Many of the Care2 members I work with have never written a petition before, but they were so outraged by an injustice that they just had to take action. I love helping them perfect their petition, promote it, deliver it, and do whatever it takes to get a victory. So not only do I get to help make a difference on a lot of different issues, I get to help strengthen our democracy by mentoring new and passionate activists. That’s pretty cool in my book!
What’s the biggest lesson you’ve learned about advocacy, good or bad?
Advocacy is about 90% frustration and 10% elation. But that elation when you win and know that you have done your part to make the world a better place is worth all the frustration and hardship you experience along the way. And even if you don’t win, there is still a lot of pride that goes along with knowing you did everything in your power to stop injustice.
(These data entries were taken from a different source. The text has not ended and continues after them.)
Theorem theorem3p1 :
  (forall x xi, DK1 x -> FF x xi = alphaF x xi + betaF x xi) /\
  is_Riemannian_metric DK1 alphaF /\
  is_differential_of DK1 betaF fF /\
  is_closed_form DK1 betaF /\
  (exists g11 g12 g22 b1 b2,
     riemann_coeffs DK1 alphaF g11 g12 g22 /\
     oneform_coeffs DK1 betaF b1 b2 /\
     forall x, DK1 x ->
       dual_norm_sq (g11 x) (g12 x) (g22 x) (b1 x) (b2 x)
         = nrm2 x * (1 - rK ^ 2) ^ 2 / (rK ^ 2 * (1 - nrm2 x) ^ 2) /\
       nrm2 x * (1 - rK ^ 2) ^ 2 / (rK ^ 2 * (1 - nrm2 x) ^ 2) < 1) /\
  is_Randers DK1 FF.
Proof.
  pose proof riemann_coeffs_alphaF as Halpha.
  pose proof oneform_coeffs_betaF as Hbeta.
  split; [exact FF_eq|].
  split; [eexists _, _, _; exact Halpha|].
  split; [exact differential_fF|].
  split; [exact closed_betaF|].
  split.
  - eexists _, _, _, _, _. split; [exact Halpha|]. split; [exact Hbeta|].
    intros x Hx. split; [apply dual_norm_sq_betaF | apply dual_norm_sq_betaF_lt_1]; exact Hx.
  - exists alphaF, betaF. eexists _, _, _, _, _.
    split; [exact Halpha|]. split; [exact Hbeta|]. split; [exact FF_eq|].
    intros x Hx. rewrite dual_norm_sq_betaF by exact Hx. apply dual_norm_sq_betaF_lt_1, Hx.
Qed.
Lemma ker_chi_open_subgroup : open_subgroup Gm (ker_chi act iota a).
Proof.
have ker_chiE : ker_chi act iota a = [set g | act g c = c].
  apply/seteqP; split=> g /=; rewrite /ker_chi /=.
    by move/(congr1 iota); rewrite chiE (additive0 iotaD) => /subr0_eq.
  by move=> gc; apply: iota_inj; rewrite chiE gc subrr (additive0 iotaD).
rewrite ker_chiE; split=> [|/=|g h /= gc hc|g /= gc]; first exact: act_open.
- by rewrite act1.
- by rewrite actM hc gc.
- by rewrite -{1}gc -actM gVmul act1.
Qed.

End Root.

Section NormCochain.
Variables (a b c d : M) (f : G -> 'Z_p).
Hypotheses (a_fixed : forall g, act g a = a) (c_root : c *+ p = a)
  (b_fixed : forall g, act g b = b) (d_root : d *+ p = b)
  (f_lc : locally_const_on [set: G] f)
  (f_cup : forall g h, chi act iota a g * chi act iota b h = f g + f h - f (gmul Gm g h)).

Local Notation chi_a := (chi act iota a).
Local Notation chi_b := (chi act iota b).

Definition norm_cochain (g : G) : M :=
  d *+ chi_a g + iota (chi_a g * chi_b g + f g).

Lemma norm_cochain_cocycle : norm_cocycle Gm act chi_a b norm_cochain.
Proof.
move=> g h; rewrite /norm_cochain.
have -> : chi_a (gmul Gm g h) * chi_b (gmul Gm g h) + f (gmul Gm g h) =
    chi_b g * chi_a h + (chi_a h * chi_b h + f h) + (chi_a g * chi_b g + f g).
  have -> : f (gmul Gm g h) = f g + f h - chi_a g * chi_b h by rewrite f_cup; ring.
  by rewrite !(chiM a_fixed c_root) !(chiM b_fixed d_root); ring.
have act_d : act g (d *+ chi_a h) = iota (chi_b g * chi_a h) + d *+ chi_a h.
  rewrite (additiveMn (actD g)) -[act g d](subrK d) -(chiE b_fixed d_root) mulrnDl.
  by rewrite -(additiveMn iotaD) -mulr_natr natr_Zp.
have carry_d : d *+ chi_a (gmul Gm g h) + b *+ carry (chi_a g) (chi_a h) =
    d *+ chi_a h + d *+ chi_a g.
  rewrite -d_root -mulrnA -!mulrnDr (chiM a_fixed c_root) /carry.
  have -> : nat_of_ord (chi_a g + chi_a h)%R = ((chi_a g + chi_a h) %% p)%N.
    rewrite -[in LHS](natr_Zp (chi_a g)) -[in LHS](natr_Zp (chi_a h)).
    by rewrite -natrD val_Zp_nat // prime_gt1.
  by rewrite mulnC addnC -divn_eq addnC.
rewrite actD act_d (act_ptorsion g (iota_ptorsion _)) !iotaD addrAC carry_d.
by rewrite addrACA; congr (_ + _); rewrite addrA [d *+ _ + _]addrC.
Qed.
(* Let $\mathbf{B}\in\mathbb{R}^{n\times n}$ be a nonsingular matrix, $\mathcal L=\mathbf{B}\mathbb{Z}^n$, $s>0$, $\mathbf{c}\in\mathbb{R}^n$ and $\mathcal R>0$. Let $\mathcal X_{\mathcal R}:=\{\mathbf{x}\in\mathbb{Z}^n:\|\mathbf{B}\mathbf{x}-\mathbf{c}\|\le\mathcal R\}$, and assume $\mathcal X_{\mathcal R}\neq\emptyset$ (so that $Q(\mathcal X_{\mathcal R})>0$ and $\rho_{s,\mathbf c}(\mathbf B\mathcal X_{\mathcal R})>0$). Define the probability distributions on $\mathbb{Z}^n$ (both zero outside $\mathcal X_{\mathcal R}$) $$\pi_{\mathcal R}(\mathbf x)=\frac{\rho_{s,\mathbf c}(\mathbf B\mathbf x)}{\rho_{s,\mathbf c}(\mathbf B\mathcal X_{\mathcal R})},\qquad Q_{\mathcal R}(\mathbf x)=\frac{Q(\mathbf x)}{Q(\mathcal X_{\mathcal R})}\qquad(\mathbf x\in\mathcal X_{\mathcal R}),$$ where $Q(\mathcal X_{\mathcal R})=\sum_{\mathbf x\in\mathcal X_{\mathcal R}}Q(\mathbf x)$ and $\rho_{s,\mathbf c}(\mathbf B\mathcal X_{\mathcal R})=\sum_{\mathbf x\in\mathcal X_{\mathcal R}}\rho_{s,\mathbf c}(\mathbf B\mathbf x)$. Set $$\Delta_{\mathcal R}:=\frac{\rho_{s,\mathbf c}(\mathbf B\mathcal X_{\mathcal R})}{\prod_{i=1}^n\rho_{s_i}(\mathbb Z)},\qquad p_{\mathcal R}:=\frac{\Delta_{\mathcal R}}{Q(\mathcal X_{\mathcal R})}.$$ Then $p_{\mathcal R}\in(0,1]$ (equivalently $Q(\mathcal X_{\mathcal R})\ge\Delta_{\mathcal R}>0$), and for every $\mathbf x\in\mathbb Z^n$, $$Q_{\mathcal R}(\mathbf x)\ge p_{\mathcal R}\,\pi_{\mathcal R}(\mathbf x).$$
   Context: For $s>0$ and $c\in\mathbb{R}^k$, $\rho_{s,c}(y)=\exp(-\pi\|y-c\|^2/s^2)$ for $y\in\mathbb R^k$, $\rho_s:=\rho_{s,0}$, and for a countable set $S$, $\rho_{s,c}(S)=\sum_{y\in S}\rho_{s,c}(y)$. Let $\mathbf B=\mathbf Q\mathbf R$ be a QR decomposition ($\mathbf Q$ orthogonal, $\mathbf R=(r_{ij})$ upper triangular), $\mathbf c'=\mathbf Q^{\top}\mathbf c$. For $\mathbf x\in\mathbb Z^n$ and $i=1,\dots,n$, put $s_i:=s/|r_{ii}|$ and $\mu_i(\mathbf x_{>i}):=\big(c'_i-\sum_{j>i}r_{ij}x_j\big)/r_{ii}$. The Klein distribution on $\mathbb Z^n$ is $$Q(\mathbf x):=\prod_{i=1}^n\frac{\rho_{s_i,\mu_i(\mathbf x_{>i})}(x_i)}{\rho_{s_i,\mu_i(\mathbf x_{>i})}(\mathbb Z)}=\frac{\rho_{s,\mathbf c}(\mathbf B\mathbf x)}{\prod_{i=1}^n\rho_{s_i,\mu_i(\mathbf x_{>i})}(\mathbb Z)},$$ using the identity $\rho_{s,\mathbf c}(\mathbf B\mathbf x)=\prod_{i=1}^n\rho_{s_i,\mu_i(\mathbf x_{>i})}(x_i)$. *)

From HB Require Import structures.
From mathcomp Require Import all_boot all_order all_algebra.
From mathcomp Require Import all_classical all_reals.
From mathcomp Require Import ereal topology normedtype sequences esum exp trigo.
Set Implicit Arguments. Unset Strict Implicit. Unset Printing Implicit Defensive.
Import Order.TTheory GRing.Theory Num.Theory.
Local Open Scope classical_set_scope.
Local Open Scope ring_scope.
Lemma estimate_step t (S : R) : (t < T)%N ->
  Gam gamma t * f (us t) + S <= model t (zs t) ->
  Gam gamma t.+1 * f (us t.+1)
    + (S + (Lt t.+1 - Lt t) * (d (zs t.+1) - 2^-1 * N (zs t - xh t.+1) ^+ 2))
  <= model t.+1 (zs t.+1).
Proof.
move=> tT IH; have tT' := ltnW tT; have [_ [_ [sc _]]] := dgfQ.
have [/andP[Lt1 _] smooth] := Lt_choice t.+1 tT.
have zmin := zs_model_argmin tT'; have Qz' := (zs_model_argmin tT).1.
have modelE y := model_sub f g d gamma xs Lt t y (zs t).
have three := argmin_bregman_le closedQ convexQ dgfQ (Lt_gt0 tT') modelE zmin Qz'.
have Qoz : Qo Q d (zs t).
  by split; [exact: zmin.1 | eexists; exact: argmin_subgrad (Lt_gt0 tT') modelE zmin].
have sz := dgf_selection_subgrad dgfQ Qoz.
have [Qxh xhmin] := xh_prox _ tT'.
have breg := bregman_ge_half_sqr convexQ sc zmin.1 sz Qxh.
have := xhmin _ Qz'; rewrite !sprodZl => prox.
have gsq : gamma t.+1 ^+ 2 <= Gam gamma t + gamma t.+1 by rewrite -GamS gamma_sqr_le.
have xE := xs_step _ tT'; have u'E := us_step _ tT'; rewrite GamS in xE u'E.
have := coupling_step_le (zs t.+1) normN convex_f grad_f (Gam_gt0 (leqW tT'))
  (gamma_ge0 _ (leqW tT)) gsq (ltW Lt1) xE u'E smooth.
rewrite -GamS => step.
rewrite modelS (normN_distC normN).
set ga := gamma t.+1 in prox step *; set gx := g (xs t.+1) in prox step *.
set p := sprod gx (xh t.+1 - zs t) in prox step; set q := sprod gx (zs t.+1 - zs t) in prox step.
have {}prox : ga * p - ga * q + Lt t * bregman d d' (zs t) (xh t.+1)
    <= Lt t * bregman d d' (zs t) (zs t.+1).
  move: prox; set B1 := bregman _ _ _ (xh t.+1); set B2 := bregman _ _ _ (zs t.+1).
  move=> /(ler_wpM2l (ltW (Lt_gt0 tT'))); rewrite !mulrDr !mulrA.
  rewrite (_ : Lt t * ga / Lt t = ga); last by field; exact: lt0r_neq0 (Lt_gt0 tT').
  set a1 := ga * p; set a2 := ga * q; set b1 := Lt t * B1; set b2 := Lt t * B2; lra.
have {}breg := ler_wpM2l (ltW (Lt_gt0 tT')) breg.
move: IH three step prox breg; set A := Gam gamma t * _; set B := _ * f (us t.+1).
set C := ga * (f _ + _); set M := model t (zs t); set M' := model t (zs t.+1).
set E := N _ ^+ 2; set D := d (zs t.+1).
set b1 := Lt t * bregman _ _ _ (xh t.+1); set b2 := Lt t * bregman _ _ _ (zs t.+1).
rewrite [ga * _]mulrBr [(_ - _) * (D - _)]mulrBr [(_ - _) * (2^-1 * E)]mulrBl -[_ / 2 * E]mulrA.
set a1 := ga * p; set a2 := ga * q; set Y1 := Lt t.+1 * _; set Y2 := Lt t * (2^-1 * E).
set Y3 := _ * D; lra.
Qed.
(* Let $\mathfrak I_M=\{\langle v,v\rangle\}\cup\{\langle M^kv,M^kv\rangle:1\le k<d\}$, where $\langle a,b\rangle=\sum_ia_ib_i$. Then $\mathfrak I_M$ generates both the field $\mathbb C(\mathbb C^d\oplus\mathfrak{so}(d,\mathbb C))^{O_d(\mathbb C)}$ and the field $\mathbb R(\mathbb R^d\oplus\mathfrak{so}(d,\mathbb R))^{O_d(\mathbb R)}$, and separates orbits on $\mathbb C^d\oplus\mathfrak{so}(d,\mathbb C)$ (for $O_d(\mathbb C)$) and on $\mathbb R^d\oplus\mathfrak{so}(d,\mathbb R)$ (for $O_d(\mathbb R)$).
   Context: Fix $d\ge2$. Elements of $\mathbb K^d\oplus\mathfrak{so}(d,\mathbb K)$ ($\mathbb K=\mathbb R$ or $\mathbb C$) are pairs $(v,M)$, $v\in\mathbb K^d$, $M$ a skew-symmetric $d\times d$ matrix over $\mathbb K$; $O_d(\mathbb K)=\{A\in\mathbb K^{d\times d}:AA^\top=I\}$ acts by $A\cdot(v,M)=(Av,AMA^\top)$. $\mathbb K(X)^G$ denotes the field of $G$-invariant rational functions on $X$ with coefficients in $\mathbb K$; ''generates'' means generates as a field over $\mathbb K$. A set of invariants separates orbits if there is a non-empty Zariski-open subset on which two points lie in the same orbit if and only if all invariants in the set take equal values on them. *)

From HB Require Import structures.
From mathcomp Require Import all_boot all_order all_algebra.
From mathcomp Require Import mpoly.
From mathcomp Require Import complex.
From mathcomp Require Import reals.

Set Implicit Arguments.
Unset Strict Implicit.
Unset Printing Implicit Defensive.
Lemma cell_symbol_pair_inj i j : i != j ->
  injective (fun x => (cell_symbol i x, cell_symbol j x)).
Proof.
have coords : injective (fun x => (cell_symbol band0 x, cell_symbol band1 x)).
  by move=> x y; rewrite !cell_symbol_band0 !cell_symbol_band1 -!surjective_pairing.
have rows k : injective (fun x => (cell_symbol band0 x, cell_symbol (square_band k) x)).
  have [rowsF _ _] := (sudoku_solutionP n_gt0 _).1 (F_sudoku k).
  by apply: eq_inj rowsF _ => x; rewrite cell_symbol_band0 cell_symbol_square.
have cols k : injective (fun x => (cell_symbol band1 x, cell_symbol (square_band k) x)).
  have [_ colsF _] := (sudoku_solutionP n_gt0 _).1 (F_sudoku k).
  by apply: eq_inj colsF _ => x; rewrite cell_symbol_band1 cell_symbol_square.
(* [//] closes the diagonal cases and those with [i] listed before [j]. *)
case: (band_cases i) => [|| [k]] ->; case: (band_cases j) => [|| [l]] -> // ij.
- exact: inj_swap_pair coords.
- exact: inj_swap_pair (rows k).
- exact: inj_swap_pair (cols k).
have kl : k != l by apply: contra ij => /eqP->.
apply: eq_inj ((orthogonalP _ _).1 (F_orth kl)) _ => x.
by rewrite !cell_symbol_square.
Qed.

Lemma cell_box_inj k :
  injective (fun x => (hi n_gt0 x.1, hi n_gt0 x.2, cell_symbol (square_band k) x)).
Proof.
have [_ _ boxF] := (sudoku_solutionP n_gt0 _).1 (F_sudoku k).
by apply: eq_inj boxF _ => x; rewrite cell_symbol_square.
Qed.
(* Let $q\in\mathbb{C}\setminus\{0\}$, let $P,f\in\mathbb{C}[x^{-1}][[x]]$ with $P\ne0$ satisfy $x\sigma_qf+f=P$, and let $n,k$ be integers with $1\le k\le n$. For $0\le j\le k$ set $$A_{k;j}=\prod_{\substack{0\le \ell\le k\\ \ell\ne j}}(P_j-P_\ell)\in\mathbb{C}[x^{-1}][[x]].$$ Then $$L_{n,k}^P(f^n)=(-1)^{k(2n-k+1)/2}\sum_{j=0}^{k}\frac{1}{A_{k;j}}\,(f-P_j)^n .$$
   Context: $\mathbb{C}[x^{-1}][[x]]$ is the field of formal Laurent series; $\sigma_qf(x)=f(qx)$; field elements act as multiplication operators and products of operators are compositions. $P_0=0$, $P_1=P$, $P_m=\sum_{k=0}^{m-1}(-x\sigma_q)^kP$ for $m\ge2$; the $P_m$ are pairwise distinct, so $A_{k;j}\neq0$. The operators $L_{n,k}^P$ are defined by $L_{n,1}^P=\frac{1}{P_1}\left(x^n\sigma_q-(-1)^n\right)$ and $L_{n,k+1}^P=\frac{1}{P_{k+1}}\left(x^{n-k}\sigma_q-(-1)^{n-k}\right)L_{n,k}^P$ for $1\le k<n$. *)

(* Formal Laurent series over a field K, represented as
   coefficient functions int -> K (coefficient of x^n at n), with the
   Laurent condition "support bounded below" imposed as a hypothesis. *)
From HB Require Import structures.
From mathcomp Require Import all_boot all_order all_algebra complex.
From mathcomp Require Import Rstruct.
From Stdlib Require Import ClassicalEpsilon.
Set Implicit Arguments. Unset Strict Implicit. Unset Printing Implicit Defensive.
Import Order.TTheory GRing.Theory Num.Theory.
Local Open Scope ring_scope.

Notation Cplx := (complex Rdefinitions.R).

Section Laurent.
Variable K : fieldType.

Definition lseries := int -> K.

Definition is_laurent (f : lseries) : Prop :=
  exists N : int, forall n : int, n < N -> f n = 0.

Definition lbound (f : lseries) : int :=
  match excluded_middle_informative (is_laurent f) with
  | left H => proj1_sig (constructive_indefinite_description _ H)
  | right _ => 0
  end.

Definition lzero : lseries := fun _ => 0.
Definition lconst (c : K) : lseries := fun n => if n == 0 then c else 0.
Definition lone : lseries := lconst 1.
Definition lxpow (m : int) : lseries := fun n => if n == m then 1 else 0.
Definition lX : lseries := lxpow 1.

Definition ladd (f g : lseries) : lseries := fun n => f n + g n.
Definition lopp (f : lseries) : lseries := fun n => - f n.
Definition lscale (c : K) (f : lseries) : lseries := fun n => c * f n.

Definition lmul (f g : lseries) : lseries := fun n =>
  let a := lbound f in let b := lbound g in
  if a + b <= n then
    \sum_(i < (absz (n - a - b)%R).+1) f (a + i%:Z) * g (n - a - i%:Z)
  else 0.

(* multiplicative inverse in the field of Laurent series (0 for 0) *)
Definition linv (f : lseries) : lseries :=
  match excluded_middle_informative
          (exists g, is_laurent g /\ lmul f g = lone) with
  | left H => proj1_sig (constructive_indefinite_description _ H)
  | right _ => lzero
  end.

Definition lpow (f : lseries) (m : nat) : lseries := iter m (lmul f) lone.

(* sigma_q f (x) = f (q x) *)
Definition lsigma (q : K) (f : lseries) : lseries := fun n => q ^ n * f n.

Definition lnegxsigma (q : K) (f : lseries) : lseries := lopp (lmul lX (lsigma q f)).

Definition Pm (q : K) (P : lseries) (m : nat) : lseries :=
  match m with
  | 0 => lzero
  | 1 => P
  | _ => \big[ladd/lzero]_(k < m) iter k (lnegxsigma q) P
  end.

Definition Lstep (q : K) (P : lseries) (n j : nat) (y : lseries) : lseries :=
  lmul (linv (Pm q P j.+1))
       (ladd (lmul (lxpow (n - j)%N%:Z) (lsigma q y))
             (lopp (lscale ((-1) ^+ (n - j)) y))).

Fixpoint Lop (q : K) (P : lseries) (n k : nat) (y : lseries) : lseries :=
  match k with
  | 0 => y
  | k'.+1 => Lstep q P n k' (Lop q P n k' y)
  end.

Definition Akj (q : K) (P : lseries) (k j : nat) : lseries :=
  \big[lmul/lone]_(l < k.+1 | (l : nat) != j) ladd (Pm q P j) (lopp (Pm q P l)).

End Laurent.

(* The identity is pure algebra in a field [L] with a ring endomorphism [s]
   (standing for sigma_q) and an element [X != 0] (standing for x).  Writing
   [g_j = (-X s)^j F], the relation [X s F + F = P] makes the sum defining
   [P_j] telescope to [P_j = F - g_j], and [X s] maps [g_j] to [-g_{j+1}] and
   [A_{k;j}] to [+-A_{k+1;j+1} / (X^k P_{j+1})].  Hence [X^(n-k) s] sends the
   rank-[k] partial fraction sum to the rank-[k+1] one weighted by [P_i], and a
   partial fraction identity closes the induction on [k] (section
   [OperatorIdentity]).  The only hypothesis on the data is that the [P_j] are
   pairwise distinct. *)

From HB Require Import structures.
From mathcomp Require Import all_boot all_order all_algebra complex.
From mathcomp Require Import Rstruct zify ring boolp.
From Stdlib Require Import ClassicalEpsilon.
Set Implicit Arguments. Unset Strict Implicit. Unset Printing Implicit Defensive.
Import Order.TTheory GRing.Theory Num.Theory.
Local Open Scope ring_scope.

Section ProductsOmittingOneIndex.
Variable R : comPzRingType.
Implicit Types (G : nat -> R) (c : R).

Lemma prod_omit_recr G k j : (j <= k)%N ->
  \prod_(l < k.+2 | (l : nat) != j) G l = (\prod_(l < k.+1 | (l : nat) != j) G l) * G k.+1.
Proof.
move=> jk; rewrite big_mkcond big_ord_recr /= ifT; last by apply/eqP; lia.
by rewrite -big_mkcond.
Qed.

Lemma prod_omit_recl G k j :
  \prod_(l < k.+2 | (l : nat) != j.+1) G l = G 0%N * \prod_(l < k.+1 | (l : nat) != j) G l.+1.
Proof. by rewrite big_mkcond big_ord_recl /= -big_mkcond. Qed.

Lemma prod_omit_const c k j : (j <= k)%N -> \prod_(l < k.+1 | (l : nat) != j) c = c ^+ k.
Proof.
move=> jk; rewrite (eq_bigl (predC1 (inord j))) ?prodr_const ?cardC1 ?card_ord // => l.
by rewrite /= -val_eqE /= inordK.
Qed.

End ProductsOmittingOneIndex.

Section OperatorIdentity.
Variables (L : fieldType) (s : {rmorphism L -> L}) (X F P : L) (n : nat).
Hypothesis X_neq0 : X != 0.
Hypothesis XsF : X * s F + F = P.

Definition negXs (y : L) : L := - (X * s y).

Definition Pseq (j : nat) : L := \sum_(i < j) iter i negXs P.
Definition orbit (j : nat) : L := iter j negXs F.

Definition Acoef (k j : nat) : L := \prod_(l < k.+1 | (l : nat) != j) (Pseq j - Pseq l).

Fixpoint Lfield (k : nat) (y : L) : L :=
  match k with
  | 0 => y
  | k'.+1 => (Pseq k'.+1)^-1 *
      (X ^+ (n - k')%N * s (Lfield k' y) - (-1) ^+ (n - k')%N * Lfield k' y)
  end.

Lemma iter_negXsB k a b : iter k negXs (a - b) = iter k negXs a - iter k negXs b.
Proof. by elim: k => [|k IH] //=; rewrite IH /negXs rmorphB mulrBr opprB opprK addrC. Qed.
How do you keep motivated?
My son keeps me motivated. I don’t want him to grow up in a world where women and people of color are second-class citizens or where immigrants and members of the LGBTQ community live in constant fear. I want him to be able to see an elephant in the wild and know what it is to hike through a national park breathing clean air and drinking from clean streams. I want to show him that by speaking out and being an active citizen, he can create meaningful and positive change.
The one with the guy dancing:
When you get stuck on an advocacy problem, what resources to do you use to solve it?
I talk to my colleagues and fellow activists. Talking through a problem and brainstorming with people I respect and trust in the activist community is always good for both the campaign and the soul.
What’s your favorite Care2 petition or campaign you’ve ever worked on?
This petition. It started out small and then grew into the National Day of Solidarity to Prevent Physician Suicide. My husband is training to be a doctor, so it is also a very personal issue for me.